Pasbana - Ikhlas. Kata yang sering kita dengar, tapi sejauh apa kita benar-benar memahaminya? Di era media sosial, di mana segala sesuatu bisa diukur dari jumlah like, share, dan komentar, konsep ikhlas seperti menjadi barang langka.
Tapi, mari kita telusuri lagi makna ikhlas yang sesungguhnya, bukan sekadar retorika, melainkan sebuah gaya hidup yang menantang zaman.
Kiyai Hasan, seorang ulama yang bijak, pernah berkata, “Ikhlas itu ketika perkataan dan perbuatan diorientasikan hanya untuk mengharap ridho Allah, tanpa memedulikan keuntungan materi, prestise, atau gelar.”
Bayangkan, di dunia yang penuh dengan “pamer pencapaian”, ikhlas adalah seni untuk tetap rendah hati meski punya segudang prestasi. Ikhlas itu seperti menjadi influencer tanpa perlu mengunggah setiap detik hidup kita ke Instagram.
Lalu, ada satu kalimat yang bikin merinding: “Ikhlas itu ketika kalian menjadi sumber mata air ilmu, pelita yang menerangi, dikenal oleh penduduk langit, tetapi tersembunyi dari penduduk bumi.” (Ibnu Mas'ud).
Jadi, ikhlas itu seperti WiFi—kita tidak melihatnya, tapi manfaatnya dirasakan oleh banyak orang.
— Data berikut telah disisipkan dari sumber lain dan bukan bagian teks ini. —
(* Let $m\ge n$, let $\mathbf{A}\in\mathbb{R}^{m\times n}$ have rank $\rho$, let $k<\rho$ be a positive integer, and let $\mathbf{b}\in\mathbb{R}^m$. Let $\mathbf{U}_k\in\mathbb{R}^{m\times k}$ contain the top $k$ left singular vectors of $\mathbf{A}$, so that $\mathbf{A}_k=\mathbf{U}_k\mathbf{U}_k^{T}\mathbf{A}$, and let $\tilde{\mathbf{U}}_k\in\mathbb{R}^{m\times k}$ be any matrix with orthonormal columns, with $\tilde{\mathbf{A}}_k=\tilde{\mathbf{U}}_k\tilde{\mathbf{U}}_k^{T}\mathbf{A}$. Let $\mathbf{x}_k=\mathbf{A}_k^{+}\mathbf{b}$, $\tilde{\mathbf{x}}_k=\tilde{\mathbf{A}}_k^{+}\mathbf{b}$, and $\Delta=\|\mathbf{A}\tilde{\mathbf{x}}_k-\mathbf{A}\mathbf{x}_k\|_2$. Then $$\Delta\le\frac{2\sigma_1^2(\mathbf{A})}{\sigma_k(\tilde{\mathbf{A}}_k)\,\sigma_k(\mathbf{A})}\,\|\tilde{\mathbf{U}}_k\tilde{\mathbf{U}}_k^{T}-\mathbf{U}_k\mathbf{U}_k^{T}\|_2\,\|\mathbf{b}\|_2,$$ where the right-hand side is interpreted as $+\infty$ if $\sigma_k(\tilde{\mathbf{A}}_k)=0$.
   Context: $\sigma_i(\mathbf{M})$ denotes the $i$-th largest singular value of $\mathbf{M}$; $\mathbf{M}^{+}$ is the Moore–Penrose pseudoinverse; $\|\cdot\|_2$ is the Euclidean norm for vectors and the spectral norm for matrices. $\mathbf{A}_k$ is the best rank-$k$ approximation of $\mathbf{A}$ obtained from its SVD. *)

From HB Require Import structures.
From mathcomp Require Import all_boot all_order all_algebra.
From mathcomp Require Import boolp classical_sets reals.
Set Implicit Arguments. Unset Strict Implicit. Unset Printing Implicit Defensive.
Import Order.TTheory GRing.Theory Num.Theory.
Local Open Scope ring_scope.
Local Open Scope classical_set_scope.

Section Defs.
Variable R : realType.

Definition vnorm (p : nat) (v : 'cV[R]_p) : R :=
  Num.sqrt (\sum_(i < p) v i 0 ^+ 2).

Definition specnorm (p q : nat) (M : 'M[R]_(p, q)) : R :=
  sup [set vnorm (M *m v) | v in [set v : 'cV[R]_q | vnorm v <= 1]].

Definition rdiag (p q : nat) (s : nat -> R) : 'M[R]_(p, q) :=
  \matrix_(i < p, j < q) (if (i : nat) == j then s i else 0).

Definition orthogonal_mx (p : nat) (U : 'M[R]_p) : Prop := U^T *m U = 1%:M.
Lemma euclid_rem_gt0 : prime p -> N < p%:Z -> `|sn| <= N -> 0 < rn.
Proof.
move=> p_prime N_ltp sn_le; have [_ /andP[rn_ge0 _]] := euclid_rem.
rewrite lt_neqAle rn_ge0 andbT; apply/eqP => rn0.
have := euclid_next_det; rewrite -rn0 mul0r addr0 => det.
have sn_dvd : (`|sn|%N %| p)%N.
  by apply/dvdnP; exists `|rc|%N; rewrite -[p]/(`|p%:Z|%N) -det abszM mulnC.
have := ei_rc_lt inv; have := ei_rp_le inv.
case/primeP: p_prime => _ /(_ _ sn_dvd) /orP [] /eqP /(congr1 Posz); rewrite abszE.
  by move=> sn1; rewrite sn1 mulr1 in det; move: det; clear; lia.
by move: sn_le N_ltp; clear; lia.
Qed.

Lemma euclid_step : prime p -> N < p%:Z -> `|sn| <= N -> euclid_inv p N u j.+1 rc rn sc sn.
Proof.
move=> p_prime N_ltp sn_le.
case: (inv) => rc_gt0 rc_lt rp_le sp_congr sc_congr _ sc_neq0 _ sp_le _ growth.
have [_ /andP[_ rn_lt]] := euclid_rem; have [sn_abs sn_sign] := euclid_next_cofactor.
have a_ge1 := euclid_quot_ge1.
have sc_le_asc : `|sc| <= a * `|sc| by rewrite ler_peMl.
split => //.
- exact: euclid_rem_gt0.
- exact: le_trans (ltW rc_lt) rp_le.
- rewrite (_ : u * sn - rn = (u * sp - rp) - a * (u * sc - rc)); last by rewrite /sn /rn; ring.
  by rewrite rpredB // dvdz_mull.
- exact: euclid_next_det.
- by apply: contraTneq sn_sign => ->; rewrite mulr0 ltxx.
- exact: ltW.
- by rewrite sn_abs; lia.
rewrite expnS PoszM sn_abs; apply: le_trans (_ : 2 * (`|sp| + `|sc|) ^+ 2 <= _).
  by rewrite ler_pM2l.
have : 0 <= `|sp| by []; have : 0 <= `|sc| by [].
move: sp_le sc_le_asc; move: `|sp| `|sc| (a * `|sc|) => x y ay; clear; nia.
Qed.
End EuclidStep.

(** * Executing the register machine *)

Section Execution.
Variables (P : seq instr) (T : tbl -> int -> int) (B : int).
Local Notation run := (run P T B).
Local Notation step := (step P T B).

Definition reach k s s' := run k s = Next s'.

Lemma reach0 s : reach 0 s s. Proof. by []. Qed.

Lemma reach_step k s s1 s2 : step s = Next s1 -> reach k s1 s2 -> reach k.+1 s s2.
Proof. by rewrite /reach /= => ->. Qed.

Lemma run_cat n m s :
  run (n + m) s = if run n s is Next s' then run m s' else run n s.
Proof. by elim: n s => [|n IH] s //=; case: (step s). Qed.

Lemma reach_trans k1 k2 s s1 s2 : reach k1 s s1 -> reach k2 s1 s2 -> reach (k1 + k2) s s2.
Proof. by rewrite /reach run_cat => ->. Qed.

Lemma reach_done k s s1 v : reach k s s1 -> step s1 = Done v -> run k.+1 s = Done v.
Proof. by rewrite /reach -addn1 run_cat => -> /= ->. Qed.

Section Instructions.
Variables (pc : nat) (g : nat -> int).
Hypothesis pc_lt : (pc < size P)%N.

Lemma step_const r c : nth (IHalt 0) P pc = IConst r c ->
  step (pc, g) = Next (pc.+1, upd g r c).
Proof. by move=> instr; rewrite /= pc_lt instr. Qed.

Lemma step_arith o r a b : nth (IHalt 0) P pc = IArith o r a b ->
  `|aop_eval o (g a) (g b)| <= B ->
  step (pc, g) = Next (pc.+1, upd g r (aop_eval o (g a) (g b))).
Proof. by move=> instr small; rewrite /= pc_lt instr small. Qed.

Lemma step_look t r a : nth (IHalt 0) P pc = ILook t r a ->
  step (pc, g) = Next (pc.+1, upd g r (T t (g a))).
Proof. by move=> instr; rewrite /= pc_lt instr. Qed.

Lemma step_jump a b l : nth (IHalt 0) P pc = IJlt a b l -> g a < g b ->
  step (pc, g) = Next (l, g).
Proof. by move=> instr lt_ab; rewrite /= pc_lt instr lt_ab. Qed.

Lemma step_nojump a b l : nth (IHalt 0) P pc = IJlt a b l -> g b <= g a ->
  step (pc, g) = Next (pc.+1, g).
Proof. by move=> instr le_ba; rewrite /= pc_lt instr ltNge le_ba. Qed.

Lemma step_goto l : nth (IHalt 0) P pc = IJmp l -> step (pc, g) = Next (l, g).
Proof. by move=> instr; rewrite /= pc_lt instr. Qed.

Lemma step_halt r : nth (IHalt 0) P pc = IHalt r -> step (pc, g) = Done (g r).
Proof. by move=> instr; rewrite /= pc_lt instr. Qed.
End Instructions.
End Execution.

(* The size check
   of an arithmetic instruction is closed automatically when it is literally a
   hypothesis; otherwise it is left as the first subgoal, like the comparison
   deciding a conditional jump. *)
Ltac exec_const := eapply reach_step; [apply: step_const => //= |].
Ltac exec_arith := eapply reach_step; [apply: step_arith => //=; rewrite /upd /= |].
Ltac exec_look := eapply reach_step; [apply: step_look => //= |].
Ltac exec_jump := eapply reach_step; [apply: step_jump => //=; rewrite /upd /= |].
Ltac exec_nojump := eapply reach_step; [apply: step_nojump => //=; rewrite /upd /= |].
Ltac exec_goto := eapply reach_step; [apply: step_goto => //= |].

(* Registers: r0 = p, r1 = N = floor z, r2 = K = floor (p / z), r3 = u,
   r9 = 0, r10 = 1, r11 = 2.
   Euclid loop (10-21): r4, r5, r6, r7 = rp, rc, sp, sc; r12 = -N;
   r13 = rp / rc; r14 = sp - (rp / rc) sc; r15 = rp mod rc.
   Table lookups (22-35): w = r5, s = r7, r16 = |s|, r20 = t = (u s - w) / p.
   Square-and-multiply (37-53): r22 = p^2, r23 * r24 ^ r25 = u ^ (p - 1). *)
Definition Prog : seq instr := [::
 IConst 9 0; IConst 10 1; IConst 11 2; IJlt 3 10 36; IJlt 2 1 37;
 IArith ASub 12 9 1; IArith AAdd 4 0 9; IArith AAdd 5 3 9; IConst 6 0; IConst 7 1;
 (*10*) IArith ADiv 13 4 5; IArith AMul 14 13 7; IArith ASub 14 6 14; IJlt 1 14 22;
 IJlt 14 12 22; IArith AMul 15 13 5; IArith ASub 15 4 15; IArith AAdd 4 5 9;
 IArith AAdd 5 15 9; IArith AAdd 6 7 9; IArith AAdd 7 14 9; IJmp 10;
 (*22*) IArith AAdd 16 7 9; IJlt 9 7 25; IArith ASub 16 9 7;
 (*25*) ILook TQ 17 5; ILook TInvP 18 5; ILook TQ 19 16; IArith AMul 20 3 7;
 IArith ASub 20 20 5; IArith ADiv 20 20 0; IArith AMul 20 20 18; IArith ASub 21 17 20;
 IArith ASub 21 21 19; IArith AMod 21 21 0; IHalt 21;
 (*36*) IHalt 9;
 (*37*) IArith AMul 22 0 0; IConst 23 1; IArith AAdd 24 3 9; IArith ASub 25 0 10;
 (*41*) IJlt 9 25 43; IJmp 51; IArith AMod 26 25 11; IJlt 26 10 47;
 IArith AMul 23 23 24; IArith AMod 23 23 22; IArith AMul 24 24 24;
 IArith AMod 24 24 22; IArith ADiv 25 25 11; IJmp 41;
 (*51*) IArith ASub 23 23 10; IArith ADiv 23 23 0; IHalt 23].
Tanpa perlu pamer sinyal, tanpa perlu tagar #BerkatAku.
Tapi, jangan salah. Ikhlas bukan berarti kita harus menjadi “invisible”. Kiyai Hasan juga mengingatkan, ikhlas itu ketika hati tidak dirasuki rasa kagum terhadap diri sendiri. Artinya, kita boleh saja tampil, berkarya, atau berprestasi, asalkan tidak terjebak dalam pusaran narsisme. Ikhlas itu seperti menjadi bintang tanpa perlu merasa paling terang di galaksi.
Nah, ini yang sering jadi ujian: ikhlas itu ketika kita lebih memilih amal yang tersembunyi daripada yang dipublikasikan. Bayangkan, di era TikTok dan YouTube Shorts, di mana setiap kebaikan bisa jadi konten viral, ikhlas mengajarkan kita untuk tetap melakukan kebaikan meski tak ada kamera yang merekam. Ikhlas itu seperti memberi sedekah tanpa perlu story WhatsApp.
Kiyai Hasan juga menegaskan, ikhlas itu ketika amal kita sebagai “jundi” (prajurit) tidak berbeda dengan saat menjadi “qiyadah” (pemimpin). Artinya, ikhlas itu konsisten, tidak berubah-ubah tergantung posisi atau situasi. Ikhlas itu seperti kopi hitam—rasanya tetap pahit, meski disajikan di gelas mahal atau cangkang biasa.
Dan yang paling menohok: ikhlas itu ketika kita tidak mengutamakan keridhaan manusia jika di balik itu ada kemurkaan Allah. Di dunia yang penuh dengan pencitraan, ikhlas mengajarkan kita untuk tetap jujur pada diri sendiri dan pada Sang Pencipta. Ikhlas itu seperti memilih untuk tidak ikut tren, meski semua orang melakukannya.
Terakhir, ikhlas itu tentang keteguhan. “Ikhlas itu tsabat ketika panjangnya jalan, lamanya waktu, tidak membuatnya malas, mundur, apalagi meninggalkan dakwah,” kata Kiyai Hasan.
Ikhlas itu seperti marathon, bukan sprint. Butuh stamina mental dan spiritual untuk tetap konsisten, meski medan terjal dan waktu terasa panjang.
Jadi, di tengah gemerlap dunia yang penuh dengan pencitraan, ikhlas adalah oase ketenangan. Ia mengajarkan kita untuk tetap rendah hati, konsisten, dan fokus pada tujuan utama: ridho Allah. Ikhlas itu bukan tentang seberapa banyak kita dilihat, tapi seberapa tulus kita memberi.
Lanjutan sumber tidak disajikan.